Only one stretch of the data below should be repeated: the lines from the line containing "assert (HC : 0" through the line containing "apply (Rmult_le_reg_r ((PI", inclusive, exactly as they are.
Given records below:
Lemma C_chi_zeta (k : nat) :
  (1 <= k)%nat -> C_chi k = 4 * (4 ^ k - 1) ^ 2 * zeta_nat (4 * k) / (PI ^ 4) ^ k.
Proof.
  intros Hk. unfold C_chi, bern.
  replace (2 * (2 * k))%nat with (4 * k)%nat by lia.
  assert (H41 : 2 ^ (4 * k + 1) = 4 * 2 ^ (4 * k - 1)).
  { rewrite pow_add, (pow_succ_pred 2 (4 * k)) by lia. ring. }
  assert (HF4 : 0 < INR (fact (4 * k))) by apply INR_fact_lt_0.
  assert (Hq : 0 < 2 ^ (4 * k - 1)) by (apply pow_lt; lra).
  assert (HP : 0 < (PI ^ 4) ^ k) by (apply pow_lt, pow_lt, PI_RGT_0).
  rewrite H41, pow2_double, pow_mult. field. repeat split; lra.
Qed.

Lemma C_Td_pow4 (k : nat) (r : R) :
  (1 <= k)%nat ->
  C_Td k r = 2 * (4 ^ k) ^ 2 * (((4 ^ k) ^ 2 / 2 - 1) * (1 - r) + (3 - 2 * 4 ^ k)).
Proof.
  intros Hk. unfold C_Td.
  assert (H4 : 2 ^ (4 * k) = 2 * 2 ^ (4 * k - 1)) by (apply pow_succ_pred; lia).
  rewrite pow2_quadruple in H4.
  replace (2 ^ (4 * k - 1)) with ((4 ^ k) ^ 2 / 2) by lra.
  rewrite !pow_add, pow2_quadruple, pow2_double. ring.
Qed.

(** * Estimates for k >= 2 *)

(* C_chi > 0, so the second ratio is well defined. *)
Lemma C_chi_zeta_pos (k : nat) :
  (1 <= k)%nat -> 0 < 4 * (4 ^ k - 1) ^ 2 * zeta_nat (4 * k) / (PI ^ 4) ^ k.
Proof.
  intros Hk.
  assert (H4k : 1 < 4 ^ k) by (apply Rlt_pow_R1; [lra | lia]).
  pose proof (zeta_ge_1 (4 * k) ltac:(lia)).
  apply Rdiv_lt_0_compat; [|apply pow_lt, pow_lt, PI_RGT_0].
  apply Rmult_lt_0_compat; [|lra].
  apply Rmult_lt_0_compat; [lra | apply pow_lt; lra].
Qed.

(* 0 <= r_k <= 1/2, since 1 <= zeta(4k) <= zeta(2k). *)
Lemma r_range (k : nat) :
  (1 <= k)%nat -> 0 <= zeta_nat (4 * k) / (2 * zeta_nat (2 * k) ^ 2) <= 1 / 2.
Proof.
  intros Hk.
  assert (Hz2 : 1 <= zeta_nat (2 * k)) by (apply zeta_ge_1; lia).
  assert (Hz4 : 1 <= zeta_nat (4 * k)) by (apply zeta_ge_1; lia).
  assert (Hz42 : zeta_nat (4 * k) <= zeta_nat (2 * k)) by (apply zeta_antitone; lia).
  split.
  - apply Rdiv_le_0_compat; nra.
  - apply (Rmult_le_reg_r (2 * zeta_nat (2 * k) ^ 2)); [nra|].
    unfold Rdiv. rewrite Rmult_assoc, Rinv_l by nra. nra.
Qed.

Lemma pow_90_bound (k : nat) : (2 <= k)%nat -> 4 * (4 ^ k - 1) ^ 2 * 3 ^ k <= 90 ^ k.
Proof.
  intros Hk. induction Hk as [|k Hk IH]; [simpl; lra|].
  assert (Hx : 16 <= 4 ^ k).
  { replace 16 with (4 ^ 2) by ring. apply Rle_pow; [lra|exact Hk]. }
  assert (HA : 0 < 3 ^ k) by (apply pow_lt; lra).
  simpl pow. set (x := 4 ^ k) in *. set (A := 3 ^ k) in *.
  assert (3 * (4 * x - 1) ^ 2 <= 90 * (x - 1) ^ 2) by nra.
  nra.
Qed.

(* 3^k C_chi <= 1 for k >= 2, using zeta(4k) <= zeta(4) = pi^4/90 <= 1. *)
Lemma chi_bound (k : nat) :
  (2 <= k)%nat -> 3 ^ k * (4 * (4 ^ k - 1) ^ 2 * zeta_nat (4 * k) / (PI ^ 4) ^ k) <= 1.
Proof.
  intros Hk.
  assert (Hz : zeta_nat (4 * k) <= PI ^ 4 / 90)
    by (rewrite <- zeta_4; apply zeta_antitone; lia).
  assert (Hz1 : 1 <= zeta_nat (4 * k)) by (apply zeta_ge_1; lia).
  pose proof PI4_ge_90 as H90. pose proof (pow_90_bound k Hk) as Hb.
  assert (HQ : 90 ^ (k - 1) * PI ^ 4 <= (PI ^ 4) ^ k).
  { rewrite (pow_succ_pred (PI ^ 4) k), (Rmult_comm (PI ^ 4)) by lia.
    apply Rmult_le_compat_r; [lra|]. apply pow_incr. lra. }
  assert (H90k : 90 ^ k = 90 * 90 ^ (k - 1)) by (apply pow_succ_pred; lia).
  assert (H90p : 0 < 90 ^ (k - 1)) by (apply pow_lt; lra).
  assert (HC : 0 <= 4 * (4 ^ k - 1) ^ 2 * 3 ^ k)
    by (apply Rmult_le_pos; [apply Rmult_le_pos; [lra| apply pow2_ge_0]| apply pow_le; lra]).
  apply (Rmult_le_reg_r ((PI ^ 4) ^ k)); [nra|].
  replace (3 ^ k * (4 * (4 ^ k - 1) ^ 2 * zeta_nat (4 * k) / (PI ^ 4) ^ k) * (PI ^ 4) ^ k)
    with (4 * (4 ^ k - 1) ^ 2 * 3 ^ k * zeta_nat (4 * k)) by (field; nra).
  apply Rle_trans with (90 ^ k * (PI ^ 4 / 90)); [|nra].
  apply Rle_trans with (4 * (4 ^ k - 1) ^ 2 * 3 ^ k * (PI ^ 4 / 90)).
  - apply Rmult_le_compat_l; lra.
  - apply Rmult_le_compat_r; lra.
Qed.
End of Given records.
- _Completed exercise_:
  assert (HC : 0 <= 4 * (4 ^ k - 1) ^ 2 * 3 ^ k)
    by (apply Rmult_le_pos; [apply Rmult_le_pos; [lra| apply pow2_ge_0]| apply pow_le; lra]).
  apply (Rmult_le_reg_r ((PI ^ 4) ^ k)); [nra|].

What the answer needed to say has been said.